By the time of Gauss, algebra had entered its modern phase. Attention shifted from solving
polynomial equations to studying the structure of abstract mathematical systems whose axioms were based on the behavior of mathematical objects, such as
complex numbers, that mathematicians encountered when studying polynomial equations. Two examples of such systems are
algebraic groups (
see Group) and
quaternions, which share some of the properties of number systems but also depart from them in important ways. Groups began as systems of permutations and combinations of roots of polynomials, but they became one of the chief unifying concepts of 19th-century mathematics. Important contributions to their study were made by the French mathematicians Galois and
Augustin Cauchy, the British mathematician Arthur Cayley, and the Norwegian mathematicians Niels Abel and Sophus Lie.
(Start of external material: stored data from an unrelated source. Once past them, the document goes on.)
(* Let $\psi:\mathbb{R}\times\mathbb{Z}\to\mathbb{C}$ solve the lattice nonlinear Schrödinger equation $$i\,\partial_t\psi(t,x)=-\Delta\psi(t,x)+|\psi(t,x)|^2\psi(t,x),\qquad x\in\mathbb{Z},$$ where $\Delta f(x)=f(x+1)+f(x-1)-2f(x)$, with initial data satisfying $|\psi(0,x)|\le A$ for all $x\in\mathbb{Z}$. Then there exists a constant $C$ such that for every $x_0\in\mathbb{Z}$ and every $t_0\ge 1$, $$|\psi(t_0,x_0)|\le C A\, t_0^{1/2},\qquad\text{and}\qquad \frac{1}{t_0}\sum_{x\in\mathbb{Z},\,|x-x_0|\le t_0}|\psi(t_0,x)|^2\le C A^2 .$$
   Context: $\Delta=-\partial^*\partial$ is the finite-difference Laplacian on $\mathbb{Z}$, with $\partial f(x)=f(x+1)-f(x)$ and $\partial^*f(x)=f(x-1)-f(x)$. The solution is understood as a global-in-time solution with values in $\ell^\infty(\mathbb{Z})$. *)

From Stdlib Require Import Reals ZArith.
From Coquelicot Require Import Coquelicot.
Open Scope R_scope.

Definition lap (f : Z -> C) (x : Z) : C :=
  (f (x + 1)%Z + f (x - 1)%Z - RtoC 2 * f x)%C.

(* psi : R -> Z -> C is a global-in-time l^infty(Z)-valued solution of
     i d/dt psi(t,x) = - (Delta psi(t))(x) + |psi(t,x)|^2 psi(t,x):
   each coordinate is differentiable in t and satisfies the equation
   (written as d/dt psi = -i * RHS), and psi is bounded in l^infty(Z)
   locally uniformly in time. *)
Definition is_lattice_NLS_solution (psi : R -> Z -> C) : Prop :=
  (forall (t : R) (x : Z),
      is_derive (fun s : R => psi s x) t
        (Copp Ci * (Copp (lap (psi t) x)
                    + RtoC (Cmod (psi t x) ^ 2) * psi t x))%C)
  /\ (forall T : R, exists M : R, forall (t : R) (x : Z),
        Rabs t <= T -> Cmod (psi t x) <= M).

(* Sum of |psi(t0,x)|^2 over integers x with |x - x0| <= t0 (t0 >= 0):
   these are exactly x = x0 - N + k, k = 0..2N, with N = floor t0. *)
Definition local_mass (psi : R -> Z -> C) (t0 : R) (x0 : Z) : R :=
  let N := Int_part t0 in
  sum_f_R0 (fun k : nat => Cmod (psi t0 (x0 - N + Z.of_nat k)%Z) ^ 2)
           (Z.to_nat (2 * N)).

From Stdlib Require Import Reals ZArith Lia Lra Psatz.
From Coquelicot Require Import Coquelicot.
Open Scope R_scope.

(* Multiplying the equation by the conjugate of [psi] gives the discrete continuity
   equation d/dt |psi x|^2 = 2 (J x - J (x - 1)) for the current
   J x = Im (psi x * conj (psi (x + 1))), which satisfies
   |J x| <= (|psi x|^2 + |psi (x + 1)|^2) / 2.  Weight the mass by q^|x - x0| with
   q = exp (- 1 / t0): summation by parts bounds the growth rate of this weighted mass
   by 2 (1/q - 1) <= 2 e / t0 times itself, up to boundary terms of a finite truncation
   that vanish as the truncation grows.  By Gronwall the weighted mass at time t0 is at
   most e^(2 e) times its initial value, which is at most 4 t0 A^2.  On the window
   |x - x0| <= t0 the weight is at least 1/e, which bounds the local mass by
   4 e e^(2 e) A^2 t0; the pointwise bound is the single term x = x0. *)

Lemma is_derive_Re (f : R -> C) (t : R) (l : C) :
  is_derive f t l -> is_derive (fun s => Re (f s)) t (Re l).
Proof.
  intros H. apply (filterdiff_comp f (fun z : C => fst z) _ (fun z : C => fst z) H).
  apply filterdiff_linear, is_linear_fst.
Qed.

Lemma is_derive_Im (f : R -> C) (t : R) (l : C) :
  is_derive f t l -> is_derive (fun s => Im (f s)) t (Im l).
Proof.
  intros H. apply (filterdiff_comp f (fun z : C => snd z) _ (fun z : C => snd z) H).
  apply filterdiff_linear, is_linear_snd.
Qed.

Lemma is_derive_Cmod_sqr (f : R -> C) (t : R) (l : C) (d : R) :
  is_derive f t l -> d = 2 * (Re (f t) * Re l + Im (f t) * Im l) ->
  is_derive (fun s => Cmod (f s) ^ 2) t d.
Proof.
  intros Hf ->.
  apply (is_derive_ext (fun s => plus (Re (f s) ^ 2) (Im (f s) ^ 2))).
  { intros s. symmetry. apply Cmod2_alt. }
  replace (2 * (Re (f t) * Re l + Im (f t) * Im l)) with (plus
    (INR 2 * Re l * Re (f t) ^ pred 2) (INR 2 * Im l * Im (f t) ^ pred 2))
    by (unfold plus; simpl; ring).
  apply (is_derive_plus (fun s => Re (f s) ^ 2) (fun s => Im (f s) ^ 2)).
  - apply (is_derive_pow (fun s => Re (f s))), is_derive_Re, Hf.
  - apply (is_derive_pow (fun s => Im (f s))), is_derive_Im, Hf.
Qed.
Lemma connected_domishold_nat (T : finType) (e : rel T) (R : realFieldType)
    (U : {set T}) (w : T -> nat) (t : nat) :
  (connected_in e U -> forall S : {set T}, S \subset U ->
     cds_in e U S = (t <= \sum_(x in S) w x)%N) ->
  connected_domishold e R U.
Proof.
move=> cdsE /cdsE {}cdsE; exists (fun x => (w x)%:R%R), t%:R%R; split=> [x|].
  exact: Num.Theory.ler0n.
split=> [|S sSU]; first exact: Num.Theory.ler0n.
by rewrite -GRing.natr_sum Num.Theory.ler_nat cdsE.
Qed.

Lemma sum_mem_card (T : finType) (S K : {set T}) :
  \sum_(x in S) (x \in K : nat) = #|S :&: K|.
Proof.
rewrite -big_mkcondr /= -sum1_card.
by apply: eq_bigl => x; rewrite !inE.
Qed.

Section BlockGraphs.
Variables (T : finType) (e : rel T).
Hypothesis esym : symmetric e.
Hypothesis eirr : irreflexive e.

Definition nonadjacent_neighbours_separated := forall c a b,
  e c a -> e c b -> a != b -> ~~ e a b -> ~~ connect (adj_in e (~: [set c])) a b.

Lemma cycle_biconn c a p :
  path e a p -> uniq (a :: p) -> c \notin a :: p -> e c a -> e c (last a p) ->
  biconn e (c |: [set x in a :: p]).
Proof.
move=> pe up cp eca ecb; set B := c |: _.
have inB x : (x \in B) = (x == c) || (x \in a :: p) by rewrite !inE.
have cB : c \in B by rewrite inB eqxx.
have edge_c x (A : {set T}) : (x == a) || (x == last a p) ->
    x \in A -> c \in A -> adj_in e A x c.
  by move=> xab xA cA; rewrite /adj_in /= xA cA esym; case/orP: xab => /eqP->.
have connD1 v x y : x \in B :\ v -> y \in B :\ v -> connect (adj_in e (B :\ v)) x y.
  have [-> | vc] := eqVneq v c.
    apply: (connect_hub esym) => // z /setD1P[zc zB].
    apply: (path_connect_in esym) pe _ _ (mem_head _ _).
      by move=> w wp; rewrite in_setD1 inB wp orbT andbT; apply: contraNneq cp => <-.
    by move: zB; rewrite inB (negbTE zc).
  have cBv : c \in B :\ v by rewrite in_setD1 eq_sym vc.
  apply: (connect_hub esym) => // z /setD1P[zv zB].
  have [-> | zc] := eqVneq z c; first exact: connect0.
  have zp : z \in a :: p by move: zB; rewrite inB (negbTE zc).
  have sBv w : w \in a :: p -> w != v -> w \in B :\ v.
    by move=> wp wv; rewrite in_setD1 inB wv wp orbT.
  have zBv : z \in B :\ v by rewrite in_setD1 zv zB.
  case: (connect_path_end esym pe up sBv zp zv) => zend; apply: (connect_trans zend);
    by apply/connect1/edge_c; rewrite ?eqxx ?orbT ?(connect_adj_in_mem zend zBv).
apply/andP; split.
  rewrite /connected_in; apply/andP; split; first by apply/set0Pn; exists c.
  apply/forall_inP=> x xB; apply/forall_inP=> y yB; apply: (connect_hub esym) => // z zB.
  have [-> | zc] := eqVneq z c; first exact: connect0.
  have zBc : z \in B :\ c by rewrite in_setD1 zc.
  have aBc : a \in B :\ c.
    by rewrite in_setD1 inB mem_head orbT andbT; apply: contraNneq cp => <-; exact: mem_head.
  apply: connect_trans (connect_adj_in_sub (subD1set B c) (connD1 c z a zBc aBc)) _.
  by apply/connect1/edge_c; rewrite ?eqxx // inB mem_head orbT.
apply/forallP=> v; apply/negP => /andP[_ /exists_inP[x xBv /exists_inP[y yBv]]].
by rewrite connD1.
Qed.

Lemma block_graph_separated :
  block_graph e -> nonadjacent_neighbours_separated.
Proof.
move=> bg c a b eca ecb neqab neab; apply/negP => /connectP[p0 /shortenP[p pc up _]].
move=> lastp; have ac : a != c by apply: contraTneq eca => ->; rewrite eirr.
have cp : c \notin a :: p.
  apply/negP => /(path_connect pc)/connect_adj_in_mem.
  by rewrite !inE eqxx ac => /(_ isT).
have pe : path e a p by apply: sub_path pc => x y /and3P[].
have ecl : e c (last a p) by rewrite -lastp.
have [B maxB sB] := maxset_exists (cycle_biconn pe up cp eca ecl).
have /forall_inP cliqueB := implyP (forallP bg B) maxB.
have inB x : x \in a :: p -> x \in B.
  by move=> xp; rewrite (subsetP sB) // in_setU1 in_set xp orbT.
have bB : b \in B by rewrite inB // lastp mem_last.
move: (forall_inP (cliqueB a (inB _ (mem_head _ _))) b bB).
by rewrite neqab (negbTE neab).
Qed.

Hypothesis separated : nonadjacent_neighbours_separated.

Lemma separated_cut_vertex (U : {set T}) z a b :
  z \in U -> a \in U -> b \in U -> e z a -> e z b -> a != b -> ~~ e a b ->
  cut_vertex_in e U z.
Proof.
move=> zU aU bU eza ezb neqab neab; rewrite /cut_vertex_in zU.
have zx x : e z x -> x != z by move=> ezx; apply: contraTneq ezx => ->; rewrite eirr.
apply/exists_inP; exists a; first by rewrite !inE zx.
apply/exists_inP; exists b; first by rewrite !inE zx.
apply: contraNN (separated eza ezb neqab neab); apply: connect_adj_in_sub.
by apply/subsetP => x /setD1P[xz _]; rewrite !inE.
Qed.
Quaternions were discovered by British mathematician and astronomer
William Rowan Hamilton, who extended the arithmetic of complex numbers to quaternions while complex numbers are of the form
a +
bi, quaternions are of the form
a +
bi +
cj +
dk.
Immediately after Hamilton's discovery, the German mathematician
Hermann Grassmann began investigating vectors. Despite its abstract character, American physicist J. W. Gibbs recognized in
vector algebra a system of great utility for physicists, just as Hamilton had recognized the usefulness of quaternions. The widespread influence of this abstract approach led
George Boole to write
The Laws of Thought (1854), an algebraic treatment of basic
logic. Since that time, modern algebra—also called
abstract algebra—has continued to develop. Important new results have been discovered, and the subject has found applications in all branches of mathematics and in many of the sciences as well.